Task directions: Given the listing that follows, report all lines in which the string "right" occurs.

Information provided:
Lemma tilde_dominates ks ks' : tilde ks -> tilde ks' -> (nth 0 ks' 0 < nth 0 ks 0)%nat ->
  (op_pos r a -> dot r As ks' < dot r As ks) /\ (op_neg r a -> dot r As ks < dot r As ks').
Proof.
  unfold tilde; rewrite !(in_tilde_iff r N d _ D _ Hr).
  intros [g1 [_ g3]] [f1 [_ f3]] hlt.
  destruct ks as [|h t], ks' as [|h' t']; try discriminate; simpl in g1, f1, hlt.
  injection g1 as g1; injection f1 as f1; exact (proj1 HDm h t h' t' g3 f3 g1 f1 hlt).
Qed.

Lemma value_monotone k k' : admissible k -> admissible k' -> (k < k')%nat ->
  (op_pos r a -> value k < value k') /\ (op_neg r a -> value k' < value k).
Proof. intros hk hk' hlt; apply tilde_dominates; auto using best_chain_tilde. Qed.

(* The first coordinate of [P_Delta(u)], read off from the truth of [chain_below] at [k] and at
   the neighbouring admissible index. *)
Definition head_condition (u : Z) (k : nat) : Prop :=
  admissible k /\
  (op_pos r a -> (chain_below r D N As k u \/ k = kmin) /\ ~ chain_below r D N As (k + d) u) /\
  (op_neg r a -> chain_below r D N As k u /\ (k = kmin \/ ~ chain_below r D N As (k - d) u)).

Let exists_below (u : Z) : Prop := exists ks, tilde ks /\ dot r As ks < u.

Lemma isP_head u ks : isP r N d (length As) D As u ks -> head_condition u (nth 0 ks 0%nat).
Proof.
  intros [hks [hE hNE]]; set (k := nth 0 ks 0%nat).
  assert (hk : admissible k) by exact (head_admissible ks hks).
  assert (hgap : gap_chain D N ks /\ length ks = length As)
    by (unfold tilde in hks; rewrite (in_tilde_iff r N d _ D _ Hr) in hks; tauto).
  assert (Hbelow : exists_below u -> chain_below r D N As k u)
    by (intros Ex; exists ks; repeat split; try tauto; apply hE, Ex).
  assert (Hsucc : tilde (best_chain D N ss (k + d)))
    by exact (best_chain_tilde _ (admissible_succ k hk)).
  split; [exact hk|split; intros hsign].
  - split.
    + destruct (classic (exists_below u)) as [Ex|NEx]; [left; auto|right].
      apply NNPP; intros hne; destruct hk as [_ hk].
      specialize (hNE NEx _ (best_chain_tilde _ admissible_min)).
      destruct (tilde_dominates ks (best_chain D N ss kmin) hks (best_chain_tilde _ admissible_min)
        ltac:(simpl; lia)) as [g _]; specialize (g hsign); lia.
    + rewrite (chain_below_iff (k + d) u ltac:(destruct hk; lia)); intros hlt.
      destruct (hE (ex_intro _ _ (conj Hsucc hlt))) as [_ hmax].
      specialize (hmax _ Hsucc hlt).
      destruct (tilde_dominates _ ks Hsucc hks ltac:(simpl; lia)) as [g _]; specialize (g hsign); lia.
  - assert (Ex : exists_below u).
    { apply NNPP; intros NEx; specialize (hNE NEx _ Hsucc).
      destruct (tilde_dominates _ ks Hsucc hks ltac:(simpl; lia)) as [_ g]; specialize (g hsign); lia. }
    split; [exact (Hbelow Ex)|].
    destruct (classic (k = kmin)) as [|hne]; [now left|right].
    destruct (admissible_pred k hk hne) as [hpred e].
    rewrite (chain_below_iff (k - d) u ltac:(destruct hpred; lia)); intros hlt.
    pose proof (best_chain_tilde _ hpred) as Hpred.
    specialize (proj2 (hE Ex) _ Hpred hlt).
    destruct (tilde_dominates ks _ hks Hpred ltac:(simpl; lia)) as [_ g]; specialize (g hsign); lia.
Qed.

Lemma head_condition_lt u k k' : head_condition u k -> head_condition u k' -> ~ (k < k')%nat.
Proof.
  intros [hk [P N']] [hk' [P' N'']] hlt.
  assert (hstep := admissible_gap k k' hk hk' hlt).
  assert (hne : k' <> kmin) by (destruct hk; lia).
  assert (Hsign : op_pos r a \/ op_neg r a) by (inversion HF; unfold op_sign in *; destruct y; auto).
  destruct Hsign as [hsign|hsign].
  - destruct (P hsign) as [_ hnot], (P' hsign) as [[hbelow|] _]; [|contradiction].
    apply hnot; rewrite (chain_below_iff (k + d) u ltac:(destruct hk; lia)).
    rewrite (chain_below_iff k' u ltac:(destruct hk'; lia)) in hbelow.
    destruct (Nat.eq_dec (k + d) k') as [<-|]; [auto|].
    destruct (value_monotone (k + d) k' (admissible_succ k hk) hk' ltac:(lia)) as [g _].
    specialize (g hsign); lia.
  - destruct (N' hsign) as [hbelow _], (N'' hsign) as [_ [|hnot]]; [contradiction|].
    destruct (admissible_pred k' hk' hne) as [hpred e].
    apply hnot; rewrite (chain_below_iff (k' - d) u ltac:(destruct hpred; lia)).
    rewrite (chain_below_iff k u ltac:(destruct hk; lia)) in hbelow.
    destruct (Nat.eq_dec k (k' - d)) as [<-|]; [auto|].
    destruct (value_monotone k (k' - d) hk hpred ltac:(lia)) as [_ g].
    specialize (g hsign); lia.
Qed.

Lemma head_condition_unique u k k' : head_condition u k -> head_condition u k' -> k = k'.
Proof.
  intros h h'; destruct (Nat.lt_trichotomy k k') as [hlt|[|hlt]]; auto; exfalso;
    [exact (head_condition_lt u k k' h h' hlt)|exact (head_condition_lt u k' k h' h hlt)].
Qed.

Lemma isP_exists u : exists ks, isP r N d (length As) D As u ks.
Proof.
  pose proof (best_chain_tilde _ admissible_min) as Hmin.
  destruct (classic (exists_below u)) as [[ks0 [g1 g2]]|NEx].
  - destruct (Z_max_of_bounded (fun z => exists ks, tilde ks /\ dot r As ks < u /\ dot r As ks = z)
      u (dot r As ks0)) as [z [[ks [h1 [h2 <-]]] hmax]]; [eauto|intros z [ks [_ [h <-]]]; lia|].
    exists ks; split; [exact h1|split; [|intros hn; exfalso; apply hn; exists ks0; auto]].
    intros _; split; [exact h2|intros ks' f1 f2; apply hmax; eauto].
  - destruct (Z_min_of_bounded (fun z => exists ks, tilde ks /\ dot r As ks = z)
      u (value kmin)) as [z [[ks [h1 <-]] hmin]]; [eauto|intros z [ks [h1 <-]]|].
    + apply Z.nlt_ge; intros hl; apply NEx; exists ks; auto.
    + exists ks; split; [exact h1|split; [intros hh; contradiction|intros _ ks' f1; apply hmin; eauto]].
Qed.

Solution to this task:
    + destruct (classic (exists_below u)) as [Ex|NEx]; [left; auto|right].
    destruct (classic (k = kmin)) as [|hne]; [now left|right].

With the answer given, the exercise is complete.